[Dataset — start]
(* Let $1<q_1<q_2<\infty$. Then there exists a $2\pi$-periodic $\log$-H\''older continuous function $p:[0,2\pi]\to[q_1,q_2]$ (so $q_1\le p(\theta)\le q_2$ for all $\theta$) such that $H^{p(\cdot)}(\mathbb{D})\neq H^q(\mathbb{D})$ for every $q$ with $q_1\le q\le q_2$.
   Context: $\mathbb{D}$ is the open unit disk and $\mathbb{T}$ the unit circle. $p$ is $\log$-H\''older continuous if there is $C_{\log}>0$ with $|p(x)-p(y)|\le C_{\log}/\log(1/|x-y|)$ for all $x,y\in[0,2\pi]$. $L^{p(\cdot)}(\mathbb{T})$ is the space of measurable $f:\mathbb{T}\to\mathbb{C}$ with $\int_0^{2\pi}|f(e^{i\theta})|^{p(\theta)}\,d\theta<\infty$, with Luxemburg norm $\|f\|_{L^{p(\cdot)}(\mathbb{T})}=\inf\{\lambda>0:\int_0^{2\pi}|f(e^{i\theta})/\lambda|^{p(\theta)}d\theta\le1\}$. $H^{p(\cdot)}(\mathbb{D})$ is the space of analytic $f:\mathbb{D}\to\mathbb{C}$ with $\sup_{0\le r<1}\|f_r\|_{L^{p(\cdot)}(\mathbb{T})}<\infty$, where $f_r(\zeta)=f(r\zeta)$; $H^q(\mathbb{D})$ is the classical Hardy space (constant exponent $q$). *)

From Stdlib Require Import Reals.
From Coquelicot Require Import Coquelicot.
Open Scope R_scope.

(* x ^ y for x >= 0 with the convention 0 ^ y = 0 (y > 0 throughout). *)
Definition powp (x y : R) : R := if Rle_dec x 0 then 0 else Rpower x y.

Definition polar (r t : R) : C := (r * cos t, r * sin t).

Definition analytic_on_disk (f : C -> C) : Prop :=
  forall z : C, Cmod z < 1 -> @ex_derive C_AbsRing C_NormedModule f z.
[Dataset — finish]
● Work task
Verbatim reproduction is required for the line holding "From Coquelicot Require Import Coquelicot." and for every line after it in the records, with no other line included.

● Reply
From Coquelicot Require Import Coquelicot.
Open Scope R_scope.

(* x ^ y for x >= 0 with the convention 0 ^ y = 0 (y > 0 throughout). *)
Definition powp (x y : R) : R := if Rle_dec x 0 then 0 else Rpower x y.

Definition polar (r t : R) : C := (r * cos t, r * sin t).

Definition analytic_on_disk (f : C -> C) : Prop :=
  forall z : C, Cmod z < 1 -> @ex_derive C_AbsRing C_NormedModule f z.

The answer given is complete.